How is this network supported ?
To support these 4000 connected nodes, the Hyperspace matchmaking server currently gets over 100 million requests, every day. There are engineering optimizations which we need to do across the client and the network stack in order to reduce this and make the system more efficient, in addition to pursuing a decentralization roadmap.
The average latency is also in the 500ms range - which makes the peer-to-peer network slow for a human eye for which anything over 100ms is perceptible delay. Thus such networks are better suited for use by AI agents on long-running parallel tasks where intelligence scales as a function of parallel compute, and not live feedback to humans in real-time, where it is better to run AI on-device directly (as the aiOS is built for). We view AI as a complex multi-system engineering challenge, not just on a one-off well-trained model.
How did we get here ?
Earlier this year we started seeing a spike in number of nodes, which quickly overwhelmed the system. These nodes originally were low quality, but due to the sheer number of them and across Windows, Mac and Linux, we had to do a fundamental architecture re-write across the client nodes and the network, in addition to building up an incentive structure to get more reliable nodes on the network. It is due to a summer of working hard and writing code, that we now have a stable network of good nodes which we did not have before.
People running nodes now are essentially miners, so they are incentivized to run more powerful machines with more useful models as the system specifically incentivizes that.
How does it compare to other P2P networks ?
Think about Bitcoin, it has just over 19k connected nodes, where each node is competing in a cryptographic challenge in order to earn the right to mine a block. That network is fully permissionless, unlike the Hyperspace network which currently uses a centralized architecture for orchestrating consumer peer-to-peer nodes much like Uber does.
Think about Ethereum, which collectively has just over 6k unique nodes, where each node in addition to some compute also has to provide an economic stake in order to participate in the network. That network is permissionless as well. Likewise for Solana, with 1363 unique nodes serving the network today.

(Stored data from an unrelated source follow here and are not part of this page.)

Lemma raise_new_cellP a b :
  in_shape (raise D p) (a, b) /\ ~ in_shape D (a, b) <->
  exists n : nat, [/\ (p <= n <= size D)%N, a = n%:Z & b = height D n.+1 + 1].
Proof.
split.
  case=> Eab Dab; have [n en] := in_shape_column Eab; subst a.
  move: Eab => /in_shape_nat [b0 bpar]; rewrite size_raise height_raise => nE Eb.
  have Db : height D n.+1 < b + 1.
    case: (ltnP n.+1 (size D)) => nD.
      by rewrite ltNge; apply/negP => bD; apply: Dab; apply/in_shape_nat.
    by rewrite dyck_beyond //; lia.
  have := height_count_up D n.+1.
  by exists n; split=> //; move: Eb; case: ifP => ? //; lia.
case=> n [/andP [pn nD] -> ->]; have := height_count_up D n.+1.
split; last by apply: not_in_shape_above; lia.
have D1 : -1 <= height D n.+1.
  case: (ltnP n (size D)) => nD'; first by have := dyck_ge0 dD nD'; lia.
  by rewrite dyck_beyond //; lia.
apply/in_shape_nat; rewrite size_raise height_raise.
by rewrite (_ : (p < n.+1)%N = true); [split; lia | lia].
Qed.

Lemma ribbon_raise : ribbon (fun c => in_shape (raise D p) c /\ ~ in_shape D c).
Proof.
set R := fun c => _.
pose col n : cell := (n%:Z, height D n.+1 + 1).
have Rcol n : (p <= n <= size D)%N -> R (col n).
  by move=> pnD; apply/raise_new_cellP; exists n.
split.
- by case=> a b [[b0 parity _ _ _] _].
- by exists (col (size D)); apply: Rcol; rewrite pD leqnn.
- case=> a b [a' b'] /raise_new_cellP [n [pnD -> ->]]
    /raise_new_cellP [m [pmD -> ->]].
  apply: (chain_connected Rcol _ pnD pmD) => k _.
  by split; rewrite /col /=; have := height_step D k.+1; lia.
- move=> a b [_ /raise_new_cellP [n [_ e1 e2]] /raise_new_cellP [m [_ e3 e4]] _].
  have nm : n = m by lia.
  by move: e2 e4; rewrite nm; lia.
Qed.

Lemma cover_raise : dcover D (raise D p).
Proof.
by split; [| exact: dyck_raise | exact: size_raise | exact: raise_shape_sub
          | exact: ribbon_raise].
Qed.

End Raise.

Lemma dle_up_subset D E : dle D E -> up_subset D E.
Proof.
elim=> [x y /cover_up_subset //|x //|x y z _ xy _ yz i /xy /yz //].
Qed.

Lemma raise_prefix D E k : is_dyck D -> is_dyck E -> exists J,
  [/\ is_dyck J, dle D J &
      forall i, nth false J i = nth false D i || (i < k)%N && nth false E i].
Proof.
move=> dD dE; elim: k => [|k [J [dJ DJ Ji]]].
  by exists D; split=> [||i]; [| apply: rt_refl | rewrite orbF].
have Ji_lt i : (i < k)%N -> nth false J i = nth false D i || nth false E i.
  by move=> ik; rewrite Ji ik.
case Ek: (nth false E k); last first.
  exists J; split=> // i.
  rewrite Ji [(i < k.+1)%N]ltnS [(i <= k)%N]leq_eqVlt.
  by case: eqVneq => [->|] //=; rewrite Ek ltnn andbF.
case Jk: (nth false J k).
  exists J; split=> // i.
  rewrite Ji [(i < k.+1)%N]ltnS [(i <= k)%N]leq_eqVlt.
  by case: eqVneq => [->|] //=; move: Jk; rewrite Ji ltnn orbF => ->.
have kJ : (k <= size J)%N.
  by apply: (up_before_size dJ dE Ek) => i ik Ei; rewrite Ji_lt // Ei orbT.
exists (raise J k); split.
- by apply: dyck_raise; rewrite ?Jk.
- by apply: rt_trans DJ _; apply: rt_step; apply: cover_raise; rewrite ?Jk.
- move=> i; rewrite nth_raise ?Jk // Ji.
  rewrite [(i < k.+1)%N]ltnS [(i <= k)%N]leq_eqVlt.
  by case: eqVneq => [->|] /=; rewrite ?Ek ?orbT ?orbF.
Qed.

Lemma exists_up_union D E : is_dyck D -> is_dyck E -> exists J,
  [/\ is_dyck J, dle D J &
      forall i, nth false J i = nth false D i || nth false E i].
Proof.
move=> dD dE; have [J [dJ DJ Ji]] := raise_prefix (size E) dD dE.
exists J; split=> // i; rewrite Ji.
by case Ei: (nth false E i); rewrite ?andbF // (up_lt_size Ei).
Qed.

Lemma up_subset_dle D E : is_dyck D -> is_dyck E -> up_subset D E -> dle D E.
Proof.
move=> dD dE DE; have [J [dJ DJ Ji]] := exists_up_union dD dE.
suff -> : E = J by [].
apply: dyck_up_inj => // i; rewrite Ji.
by case Di: (nth false D i) => //; rewrite (DE i Di).
Qed.

Lemma greedy_prefix (C : pred nat) k : exists M,
  [/\ is_dyck M, forall i, nth false M i -> (i < k)%N && C i &
      forall L, is_dyck L -> (forall i, nth false L i -> C i) ->
        forall i, (i < k)%N -> nth false L i -> nth false M i].
Proof.
elim: k => [|k [M [dM MC Mmax]]].
  exists [::]; split=> [||L _ _ i] //; first exact: dyck_nil.
  by move=> i; rewrite nth_nil.
have Mk : ~~ nth false M k by apply/negP => /MC; rewrite ltnn.
case Ck: (C k && (k <= size M)%N).
  move/andP: Ck => [Ck kM]; exists (raise M k); split.
  - exact: dyck_raise.
  - move=> i; rewrite nth_raise // => /orP [/MC /andP [ik ->]|/eqP ->].
      by rewrite andbT ltnW.
    by rewrite Ck ltnSn.
  - move=> L dL LC i ik Li; rewrite nth_raise //.
    case: (ltngtP i k) => [ik'|ki|->]; last by rewrite orbT.
      by rewrite (Mmax L dL LC i).
    lia.
exists M; split=> //.
- by move=> i /MC /andP [ik ->]; rewrite andbT ltnW.
- move=> L dL LC i; rewrite ltnS leq_eqVlt => /orP [/eqP -> Lk|].
    move: Ck; rewrite LC // (up_before_size dM dL Lk) // => j jk.
    exact: Mmax.
  exact: Mmax.
Qed.

Lemma exists_greatest_below (C : pred nat) n : (forall i, C i -> (i < n)%N) ->
  exists M, [/\ is_dyck M, forall i, nth false M i -> C i &
      forall L, is_dyck L -> (forall i, nth false L i -> C i) -> up_subset L M].
Proof.
move=> Cn; have [M [dM MC Mmax]] := greedy_prefix C n.
exists M; split=> // [i /MC /andP [] //|L dL LC i Li].
by apply: (Mmax L dL LC) => //; apply: Cn; apply: LC.
Qed.

Theorem mainTheorem5 :
  (forall D E : seq bool, is_dyck D -> is_dyck E -> dle D E -> dle E D -> D = E) /\
  (forall D E : seq bool, is_dyck D -> is_dyck E ->
     (exists J, [/\ is_dyck J, dle D J, dle E J &
        forall U, is_dyck U -> dle D U -> dle E U -> dle J U]) /\
     (exists M, [/\ is_dyck M, dle M D, dle M E &
        forall L, is_dyck L -> dle L D -> dle L E -> dle L M])).
Proof.
split.
  move=> D E dD dE /dle_up_subset DE /dle_up_subset ED.
  by apply: dyck_up_inj => // i; apply/idP/idP => [/DE|/ED].
move=> D E dD dE; split.
  have [J [dJ DJ Ji]] := exists_up_union dD dE.
  exists J; split=> //.
    by apply: up_subset_dle => // i Ei; rewrite Ji Ei orbT.
  move=> U dU /dle_up_subset DU /dle_up_subset EU.
  by apply: up_subset_dle => // i; rewrite Ji => /orP [/DU|/EU].
have [M [dM MDE Mmax]] :=
  @exists_greatest_below (fun i => nth false D i && nth false E i) (size D)
    (fun i DEi => up_lt_size (andP DEi).1).
exists M; split=> //.
- by apply: up_subset_dle => // i /MDE /andP [].
- by apply: up_subset_dle => // i /MDE /andP [].
- move=> L dL /dle_up_subset LD /dle_up_subset LE.
  by apply/up_subset_dle/Mmax => // i Li; rewrite LD ?LE.
Qed.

It is the Lindy effect, the permissionless aspect, the much higher requirements and the long-running nature of these networks which give their underlying currency a value in the real world. In the case of Hyperspace, the underlying system currency called "flops" is an in-game worthless currency meant to use applications running on it: it is not permissionless and it is not a blockchain, and can theoretically be manipulated by the company.
NOTE: we are on a path to make the network fully permissionless in the years ahead, and you can see that roadmap in the flops announcement. Currently we are bootstrapping the habit of participating in such P2P AI networks which consumers did not have before us and using social, utility and cryptoeconomic incentives at play.
Will there be an API ?
Yes, this is coming soon and will have additional capabilities such as running embedding jobs, serving vectors and more.
Will it integrate with other decentralized AI protocols ?
Yes, we believe in offering choices to users, in this case the mining nodes on whichever protocols they want to support on their devices. We take care of the AI-related plumbing as part of aiOS such as providing access to 671 models, 3.2 TB vector database with 400 million embeddings, real-time web search and other attributes of the system to make it useful.
Will there be a full blockchain node one day as an add-on ?
Yes, we are firm believers in consumer devices being suitable for block production and validation process, and entirety of our research and engineering has focused on that for the past few years (we have written multiple papers in that regard).
Think Full Self Driving in your Tesla, for those who want it.